Some software I’m working on for a Raspberry Pi demands that I play MP3s at particular times. The audio is fed into a radio where it is then transmitted as narrowband FM, a very lo-fi channel. The recordings are spoken word and they will be heard most clearly if the output volume stays near the maximum allowed all the way through playback. In other words, if some parts of the file are quieter than others I’d prefer to bring them all up to the optimal level. That’s the purpose of an audio compressor.

I was pleased to find out that I can do this on the fly pretty easily using mpg123 and sox (brew install mpg123 and sox comes with OSX). Here’s a full command I’m using:

mpg123 -r 44100 -s -m wianews-2016-04-03.mp3 | \
play --buffer 2048 -t raw -e signed-integer -r 44100 -b 16 -c 1 - \
    compand 0.1,0.3 -60,-60,-30,-15,-20,-12,-4,-8,-2,-7 -6

This is what all the bits mean:

-r 44100
Output sample rate. Obviously needs to be the same in the second part of the command.
-s
Send audio samples to stdout instead of audio device
-m
Mono mix (the FM transmitter has only one channel)
--buffer 2048
Use a buffer of 2048 bytes instead of sox’s default of 8192. In my testing the Pi was too slow for the default buffer size and needs smaller ones to avoid underruns.
-t raw -e signed-integer -b 16
Tell play that it will be getting headerless signed PCM with 16-bit samples
-c 1
Single channel, because it’s mono
-
Read audio data from standard input
compand
Apply a compressor effect (full docs for the following parameters, which can be more complex)
0.1,0.3
Attack and delay, in seconds. Controls response time to increasing and decreasing volume.
-60,-60,-30,-15,-20,-12,-4,-8,-2,-7
A transfer function I found online that works nicely. It’s a series of pairs—for a given input level in dB, what should the corresponding output level be? So it’s flat at -60 dB, signals around the -30 to -20 dB region will get a nice big boost, and really strong signals around -4 to -2 dB will be brought back a little.
-6
Reduce the overall gain by 6 dB to reduce clipping. In my testing it still clips occasionally but I’m intentionally pushing the limits so that’s okay.

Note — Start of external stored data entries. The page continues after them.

(* Let $A=\{i_1,\dots,i_a\}\subseteq\{1,\dots,d\}$ be an ordered subset, let $\alpha\in\mathbb{Z}_2^a$ be even (i.e. $\alpha_1+\dots+\alpha_a$ is even), and let $r\geq 0$. Then the X-cycle $$A^{(r,\alpha)} := h_r^\alpha(A)\,\sigma_A\,c_\alpha(A)$$ lies in $\mathcal{C}_X=\operatorname{Cent}_{\operatorname{gr}\mathcal{S}^f_d}(x_1,\dots,x_d)$, i.e. it commutes with every polynomial generator $x_1,\dots,x_d$ of $\operatorname{gr}\mathcal{S}^f_d$.
   Context: Fix $l,d\geq 1$ and a commutative ring $R$. $\operatorname{gr}\mathcal{S}^f_d$ is the associated graded superalgebra of the cyclotomic Sergeev superalgebra $\mathcal{S}^f_d$ (the quotient of the affine Sergeev superalgebra by the two-sided ideal generated by $f(\hat x_1)$, $f$ monic of degree $l$ with terms all of the same parity), filtered by putting polynomial generators in degree $1$ and Coxeter and Clifford generators in degree $0$. By the PBW theorem, $\operatorname{gr}\mathcal{S}^f_d\cong (R[x_1,\dots,x_d]/(x_1^l,\dots,x_d^l)\,\hat\otimes\, R\Sigma_d)\otimes C_d$, where $C_d$ is the Clifford superalgebra on odd generators $c_1,\dots,c_d$ with $c_i^2=1$, $c_ic_j=-c_jc_i$ ($i\neq j$); in it $x_ic_i=-c_ix_i$, $x_ic_j=c_jx_i$ ($i\ne j$), and permutations act on the indices of $x$'s and $c$'s by conjugation. For $A=\{i_1,\dots,i_a\}$, $\sigma_A$ is the cycle $(i_1\ \dots\ i_a)\in\Sigma_d$, and $c_\alpha(A)=c_{i_1}^{\alpha_1}\cdots c_{i_a}^{\alpha_a}$. For $\alpha\in\mathbb{Z}_2^a$ define signs $\epsilon^\alpha_i=\prod_{j<i}(-1)^{\alpha_j}$ ($\epsilon^\alpha_1=1$), and for even $\alpha$ and $r\ge 0$ define $$h_r^\alpha(A)=\sum_{r_1+\dots+r_a=(a-1)(l-1)+r}(\epsilon^\alpha_1x_{i_1})^{r_1}\cdots(\epsilon^\alpha_a x_{i_a})^{r_a}.$$ The proof uses the identity $x_{i_j}h^\alpha_r(A)=(-1)^{\alpha_j}h^\alpha_r(A)x_{\sigma_A(i_j)}$ for $j=1,\dots,a$. *)

From HB Require Import structures.
From mathcomp Require Import all_boot all_order all_algebra all_fingroup.
Set Implicit Arguments. Unset Strict Implicit. Unset Printing Implicit Defensive.
Import GRing.Theory.
Local Open Scope ring_scope.

(* The cycle sigma_A = (i_1 i_2 ... i_a) : i_j |-> i_(j+1), i_a |-> i_1,
   every other index fixed.  [next] (path.v) is the cyclic successor in a
   sequence; we apply it to [undup s], which equals [s] when [s] is uniq. *)
Lemma cycle_fun_inj d (s : seq 'I_d) : injective (next (undup s)).
Proof. exact: can_inj (prev_next (undup_uniq s)). Qed.

Definition cycle_perm d (s : seq 'I_d) : {perm 'I_d} := perm (@cycle_fun_inj d s).

Section XCycle.
Variables (A : pzRingType) (d l : nat).
Variables (x c : 'I_d -> A) (sig : {perm 'I_d} -> A).

Definition eps a (alpha : a.-tuple bool) (j : 'I_a) : A :=
  (-1) ^+ count id (take j alpha).

Definition hra a (t : a.-tuple 'I_d) (alpha : a.-tuple bool) (r : nat) : A :=
  let N := ((a - 1) * (l - 1) + r)%N in
  \sum_(rr : {ffun 'I_a -> 'I_N.+1} | (\sum_(j < a) (rr j : nat))%N == N)
     \prod_(j < a) (eps alpha j * x (tnth t j)) ^+ rr j.

Definition calpha a (t : a.-tuple 'I_d) (alpha : a.-tuple bool) : A :=
  \prod_(j < a) (if tnth alpha j then c (tnth t j) else 1).

Definition Xcycle a (t : a.-tuple 'I_d) (alpha : a.-tuple bool) (r : nat) : A :=
  hra t alpha r * sig (cycle_perm t) * calpha t alpha.
End XCycle.

From mathcomp Require Import all_boot all_order all_algebra all_fingroup zify.
Set Implicit Arguments. Unset Strict Implicit. Unset Printing Implicit Defensive.
Import GRing.Theory.
Local Open Scope ring_scope.

(* Put y_j = eps_j x_(i_j): these commute and y_j^l = 0, and h_r^alpha(A) is
   the sum of all monomials of degree N = (a-1)(l-1)+r in the y_j.  In
   y_j h_r^alpha(A) only monomials of degree N+1 with every exponent in
   [1, l-1] survive, so y_j h_r^alpha(A) does not depend on j.  Hence
   x_(i_j) h = eps_j eps_(j+1) h x_(i_(j+1)) = (-1)^(alpha_j) h x_(sigma_A i_j),
   where evenness of alpha handles the wrap-around j = a.  The same sign
   (-1)^(alpha_j) appears when x_(i_j) moves past c_alpha(A), and sigma_A turns
   x_(sigma_A k) back into x_k, so the two signs cancel. *)

Section NoncommutativeProducts.
Variable R : pzRingType.

Lemma prodr_factor_eq0 (I : eqType) (s : seq I) (F : I -> R) i :
  i \in s -> F i = 0 -> \prod_(k <- s) F k = 0.
Proof.
elim: s => [//|k s IHs]; rewrite inE big_cons => /orP[/eqP<- ->|/IHs si /si ->].
  by rewrite mul0r.
by rewrite mulr0.
Qed.

Lemma mulr_prod_at (I : eqType) (s : seq I) (F : I -> R) z j :
  uniq s -> j \in s -> (forall i, GRing.comm z (F i)) ->
  z * \prod_(i <- s) F i = \prod_(i <- s) (if i == j then z * F i else F i).
Proof.
move=> + + zF; elim: s => [//|i s IHs] /= /andP[iNs us].
rewrite inE !big_cons; case: eqVneq => [-> _|ij /= js].
  rewrite mulrA; congr (_ * _); apply: eq_big_seq => k ks.
  by case: eqVneq => // kj; rewrite -kj ks in iNs.
by rewrite mulrA zF -mulrA IHs.
Qed.

Lemma mulr_prod_skew (I : Type) (s : seq I) (F : I -> R) (b : I -> nat) z :
  (forall i, z * F i = (-1) ^+ b i * F i * z) ->
  z * \prod_(i <- s) F i = (-1) ^+ (\sum_(i <- s) b i)%N * \prod_(i <- s) F i * z.
Proof.
move=> zF; elim: s => [|i s IHs]; first by rewrite !big_nil expr0 !mul1r mulr1.
rewrite !big_cons exprD mulrA zF -!mulrA IHs !mulrA; congr (_ * _ * _).
by rewrite -!mulrA (commr_sign (F i)).
Qed.

End NoncommutativeProducts.

Lemma exists_large_part a l (F : 'I_a -> nat) (m : 'I_a) :
  F m = 0%N -> ((a - 1) * l < \sum_(i < a) F i)%N -> exists i, (l < F i)%N.
Proof.
move=> Fm0 large; have [/existsP[i li]|/existsPn small] := boolP [exists i, (l < F i)%N].
  by exists i.
suff : (\sum_(i < a) F i <= (a - 1) * l)%N by rewrite leqNgt large.
rewrite (bigD1 m) //= Fm0 add0n subn1.
have -> : a.-1 = #|predC1 m| by rewrite cardC1 card_ord.
by rewrite -sum_nat_const; apply: leq_sum => i _; rewrite leqNgt small.
Qed.

Section TruncatedCompleteSum.
Variables (R : pzRingType) (l a r : nat) (y : 'I_a -> R).
Hypotheses (y_comm : forall i j, y i * y j = y j * y i)
  (y_nil : forall i, y i ^+ l = 0) (l_gt0 : (0 < l)%N).

Let N := ((a - 1) * (l - 1) + r)%N.
Local Notation expvec := {ffun 'I_a -> 'I_N.+1}.

Definition hsum : R :=
  \sum_(e : expvec | (\sum_(j < a) (e j : nat))%N == N) \prod_(j < a) y j ^+ e j.

Definition pos_off (j : 'I_a) (e : expvec) :=
  ((\sum_(m < a) (e m : nat))%N == N) && [forall m, (m != j) ==> (0 < e m)%N].

Definition bumped_monomial (j : 'I_a) (e : expvec) :=
  \prod_(m < a) y m ^+ (e m + (m == j)).

Lemma sum_delta (j : 'I_a) : (\sum_(m < a) (m == j : nat))%N = 1%N.
Proof. by rewrite (bigD1 j) //= eqxx big1 // => m /negPf ->. Qed.

(* In [y j * hsum] every surviving monomial has degree N + 1 with all exponents
   below l, so by pigeonhole it has no zero exponent. *)
Lemma mulr_hsum j : y j * hsum = \sum_(e | pos_off j e) bumped_monomial j e.
Proof.
have yX_comm i n : GRing.comm (y j) (y i ^+ n) by apply/commrX/y_comm.
rewrite /hsum mulr_sumr.
rewrite (bigID (fun e : expvec => [forall m, (m != j) ==> (0 < e m)%N])) /=.
rewrite [X in _ + X]big1 ?addr0 => [|e /andP[/eqP deg_e]].
  apply: eq_bigr => e _.
  rewrite (mulr_prod_at (j := j) (index_enum_uniq _)) ?mem_index_enum //.
  by apply: eq_bigr => m _; case: eqVneq => [->|_]; rewrite ?addn1 ?exprS ?addn0.
case/forallPn => m; rewrite negb_imply -eqn0Ngt => /andP[mj /eqP em0].
rewrite (mulr_prod_at (j := j) (index_enum_uniq _)) ?mem_index_enum //.
have [i li] : exists i, (l - 1 < e i + (i == j))%N.
  apply: (@exists_large_part _ _ _ m); first by rewrite em0 (negPf mj).
  by rewrite big_split /= deg_e sum_delta /N addn1 ltnS leq_addr.
apply: (prodr_factor_eq0 (mem_index_enum i)).
have y_zero n : (l <= n)%N -> y i ^+ n = 0.
  by move=> ln; rewrite -(subnK ln) exprD y_nil mulr0.
by case: eqVneq li => [<-|_] /=; rewrite ?addn1 ?addn0 => li; rewrite -?exprS y_zero //; lia.
Qed.

Definition exch (j j' : 'I_a) (e : expvec) : expvec :=
  [ffun m => inord (e m + (m == j) - (m == j'))].

Section Exchange.
Variables (j j' : 'I_a) (e : expvec).
Hypotheses (jj' : j != j') (e_pos : pos_off j e).

Lemma exchE m : (exch j j' e m + (m == j') = e m + (m == j))%N.
Proof.
case/andP: e_pos => /eqP deg_e /forallP e_gt0.
have ej'_gt0 : (0 < e j')%N by have := e_gt0 j'; rewrite eq_sym jj'.
have ejj' : (e j + e j' <= \sum_(m < a) (e m : nat))%N.
  by rewrite (bigD1 j) //= leq_add2l (bigD1 j') 1?eq_sym //= leq_addr.
rewrite deg_e in ejj'.
rewrite ffunE inordK.
  case: (eqVneq m j) => [->|mj]; first by rewrite (negPf jj') /=; lia.
  by case: (eqVneq m j') => [->|_] /=; lia.
case: (eqVneq m j) => [->|mj]; first by rewrite (negPf jj') /=; lia.
by case: (eqVneq m j') => [->|_] /=; have := ltn_ord (e m); lia.
Qed.

Lemma pos_off_exch : pos_off j' (exch j j' e).
Proof.
case/andP: e_pos => /eqP deg_e /forallP e_gt0; apply/andP; split.
  have : (\sum_(m < a) (exch j j' e m + (m == j')) = \sum_(m < a) (e m + (m == j)))%N.
    by apply: eq_bigr => m _; apply: exchE.
  by rewrite !big_split /= !sum_delta deg_e => /eqP; rewrite eqn_add2r.
apply/forallP => m; apply/implyP => mj'; have := exchE m; rewrite (negPf mj') addn0 => ->.
by case: (eqVneq m j) => [_|mj]; rewrite ?addn1 // addn0; have := e_gt0 m; rewrite mj.
Qed.

Lemma exchK : exch j' j (exch j j' e) = e.
Proof.
apply/ffunP => m; apply/val_inj; rewrite ffunE /= exchE.
by case: (eqVneq m j) => [->|_]; rewrite ?addn1 ?subn1 ?addn0 ?subn0 inord_val.
Qed.

Lemma bumped_monomial_exch : bumped_monomial j' (exch j j' e) = bumped_monomial j e.
Proof. by apply: eq_bigr => m _; rewrite exchE. Qed.

End Exchange.

Lemma mulr_hsum_indep j j' : y j * hsum = y j' * hsum.
Proof.
have [<-//|jj'] := eqVneq j j'; have j'j : j' != j by rewrite eq_sym.
rewrite !mulr_hsum (reindex_onto (exch j' j) (exch j j')); last first.
  by move=> e; apply: exchK.
have pos_offE e :
    pos_off j (exch j' j e) && (exch j j' (exch j' j e) == e) = pos_off j' e.
  apply/idP/idP => [/andP[e_pos /eqP <-]|e_pos]; first exact: pos_off_exch.
  by rewrite exchK // eqxx andbT pos_off_exch.
apply: eq_big => [//|e]; rewrite pos_offE => e_pos.
exact: bumped_monomial_exch.
Qed.

End TruncatedCompleteSum.

Lemma next_nth_uniq (T : eqType) (x0 : T) (s : seq T) i :
  uniq s -> (i < size s)%N -> next s (nth x0 s i) = nth x0 s (i.+1 %% size s).
Proof.
move=> s_uniq lt_is; rewrite next_nth mem_nth // index_uniq //.
case: s s_uniq lt_is => [//|z s] _ /=; rewrite ltnS leq_eqVlt => /predU1P[->|lt_is].
  by rewrite modnn nth_default.
by rewrite modn_small ?ltnS //= (set_nth_default x0 z lt_is).
Qed.

Lemma next_tnth (T : eqType) n (t : n.-tuple T) (j : 'I_n) :
  uniq t -> next t (tnth t j) = tnth t (ordS j).
Proof.
move=> t_uniq; have x0 := tnth t j.
by rewrite !(tnth_nth x0) next_nth_uniq ?size_tuple.
Qed.

Lemma cycle_permE d (t : seq 'I_d) : uniq t -> cycle_perm t =1 next t.
Proof. by move=> t_uniq k; rewrite permE undup_id. Qed.

Lemma eps_mul_ordS (R : pzRingType) a (alpha : a.-tuple bool) (j : 'I_a) :
  ~~ odd (count id alpha) -> eps R alpha j * eps R alpha (ordS j) = (-1) ^+ tnth alpha j.
Proof.
move=> alpha_even; rewrite /eps -exprD -[LHS]signr_odd -[RHS]signr_odd oddb.
congr (_ ^+ nat_of_bool _).
have count_take_succ : count id (take j.+1 alpha) = (count id (take j alpha) + tnth alpha j)%N.
  by rewrite (take_nth false) ?size_tuple // -cats1 count_cat /= addn0 (tnth_nth false).
have [lt_ja|] := ltnP j.+1 a.
  by rewrite /= modn_small // count_take_succ !oddD addKb oddb.
move=> le_aj; have ja : j.+1 = a by apply/eqP; rewrite eqn_leq ltn_ord le_aj.
rewrite /= ja modnn take0 addn0.
have count_alpha : count id alpha = count id (take j.+1 alpha).
  by rewrite take_oversize // size_tuple ja.
move: alpha_even; rewrite count_alpha count_take_succ oddD oddb.
by case: (odd _); case: (tnth _ _).
Qed.

(* The number of factors c_k in c_alpha(A). *)
Definition cmult d a (t : a.-tuple 'I_d) (alpha : a.-tuple bool) (k : 'I_d) : nat :=
  \sum_(j < a) (tnth alpha j && (tnth t j == k)).

Lemma cmult_tnth d a (t : a.-tuple 'I_d) (alpha : a.-tuple bool) j :
  uniq t -> cmult t alpha (tnth t j) = tnth alpha j.
Proof.
move=> t_uniq; rewrite /cmult (bigD1 j) //= eqxx andbT big1 ?addn0 // => i ij.
by rewrite (inj_eq (tuple_uniqP _ t_uniq)) (negPf ij) andbF.
Qed.

Lemma cmult_notin d a (t : a.-tuple 'I_d) (alpha : a.-tuple bool) k :
  k \notin t -> cmult t alpha k = 0%N.
Proof.
move=> k_notin; rewrite /cmult big1 // => j _.
case: eqVneq => [tjk|_]; last by rewrite andbF.
by rewrite -tjk mem_tnth in k_notin.
Qed.

Section XCycle.
Variables (R : pzRingType) (l d : nat) (x c : 'I_d -> R).

Lemma mulx_calpha a (t : a.-tuple 'I_d) (alpha : a.-tuple bool) k :
    (forall i, x i * c i = - (c i * x i)) ->
    (forall i j, i != j -> x i * c j = c j * x i) ->
  x k * calpha c t alpha = (-1) ^+ cmult t alpha k * calpha c t alpha * x k.
Proof.
move=> xc_same xc_diff; apply: mulr_prod_skew => j.
case: (tnth alpha j) => /=; last by rewrite expr0 !mul1r mulr1.
have [<-|tjk] := eqVneq (tnth t j) k; first by rewrite expr1 mulN1r mulNr xc_same.
by rewrite expr0 mul1r xc_diff // eq_sym.
Qed.

Hypotheses (x_comm : forall i j, x i * x j = x j * x i)
  (x_nil : forall i, x i ^+ l = 0) (l_gt0 : (0 < l)%N).
Variables (a r : nat) (t : a.-tuple 'I_d) (alpha : a.-tuple bool).

Let y j := eps R alpha j * x (tnth t j).

Lemma hra_hsum : hra l x t alpha r = hsum l r y.
Proof. by []. Qed.

Lemma commr_x_hra i : GRing.comm (x i) (hra l x t alpha r).
Proof.
apply: commr_sum => e _; apply: commr_prod => m _.
by apply/commrX/commrM; [apply: commr_sign | apply: x_comm].
Qed.

Lemma mulx_hra_cycle k : uniq t -> ~~ odd (count id alpha) ->
  x k * hra l x t alpha r =
    (-1) ^+ cmult t alpha k * hra l x t alpha r * x (cycle_perm t k).
Proof.
move=> t_uniq alpha_even; set h := hra l x t alpha r.
rewrite cycle_permE //; have [/tnthP[j ->]|k_notin] := boolP (k \in t); last first.
  by rewrite cmult_notin // next_nth (negPf k_notin) expr0 mul1r commr_x_hra.
have y_comm i j' : y i * y j' = y j' * y i.
  apply/commr_sym/commrM; first exact: commr_sign.
  by apply/commr_sym/commrM; [apply: commr_sign | apply: x_comm].
have y_nil i : y i ^+ l = 0.
  by rewrite exprMn_comm ?x_nil ?mulr0 //; apply/commr_sym/commr_sign.
have y_h : y (ordS j) * h = y j * h.
  by rewrite /h hra_hsum; apply: mulr_hsum_indep.
rewrite cmult_tnth // next_tnth // -(eps_mul_ordS R j alpha_even) -!mulrA.
rewrite -commr_x_hra -/h (mulrA (eps R alpha (ordS j))) -/(y (ordS j)) y_h.
by rewrite mulrA signrMK.
Qed.

End XCycle.

Theorem mainTheorem8 (R : comNzRingType) (G : algType R) (l d : nat)
  (x c : 'I_d -> G) (sig : {perm 'I_d} -> G)
  (hl : (0 < l)%N) (hd : (0 < d)%N)
  (x_comm : forall i j, x i * x j = x j * x i)
  (x_nil : forall i, x i ^+ l = 0)
  (c_sq : forall i, c i * c i = 1)
  (c_anti : forall i j, i != j -> c i * c j = - (c j * c i))
  (xc_same : forall i, x i * c i = - (c i * x i))
  (xc_diff : forall i j, i != j -> x i * c j = c j * x i)
  (sig1 : sig 1%g = 1)
  (sigM : forall w1 w2 : {perm 'I_d}, sig (w1 * w2)%g = sig w2 * sig w1)
  (sig_x : forall (w : {perm 'I_d}) i, sig w * x i = x (w i) * sig w)
  (sig_c : forall (w : {perm 'I_d}) i, sig w * c i = c (w i) * sig w)
  (a : nat) (t : a.-tuple 'I_d) (alpha : a.-tuple bool) (r : nat)
  (ha : (0 < a)%N) (ht : uniq t) (halpha : ~~ odd (count id alpha)) :
  forall k : 'I_d,
    x k * Xcycle l x c sig t alpha r = Xcycle l x c sig t alpha r * x k.
Proof.
move=> k; rewrite /Xcycle; set h := hra l x t alpha r; set ca := calpha c t alpha.
have x_h := mulx_hra_cycle x_comm x_nil hl r k ht halpha.
have x_ca := mulx_calpha t alpha k xc_same xc_diff.
set n := cmult t alpha k in x_h x_ca; rewrite -/h in x_h; rewrite -/ca in x_ca.
rewrite !mulrA x_h -(mulrA _ (x _)) -sig_x -!mulrA x_ca.
rewrite -(mulrA _ ca) (mulrA (sig _)) (commr_sign (sig _) n).
by rewrite -mulrA [in LHS](mulrA h) (commr_sign h n) -mulrA signrMK.
Qed.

This can all be replicated nicely in python using the subprocess module:

import subprocess

filename = "wianews-2016-04-03.mp3"
mpg_cmd = "mpg123 -m -s -r 44100"
play_cmd = ("play --buffer 2048 -t raw -e signed-integer -r 44100 -b 16 -c 1 - "
            "compand 0.1,0.3 -60,-60,-30,-15,-20,-12,-4,-8,-2,-7 -6")

mpg123_proc = subprocess.Popen( mpg_cmd.split() + [filename],
    stdout=subprocess.PIPE)
sox_proc = subprocess.Popen( play_cmd.split(),
    stdin=mpg123_proc.stdout, stdout=subprocess.PIPE)
mpg123_proc.stdout.close()
sox_proc.communicate()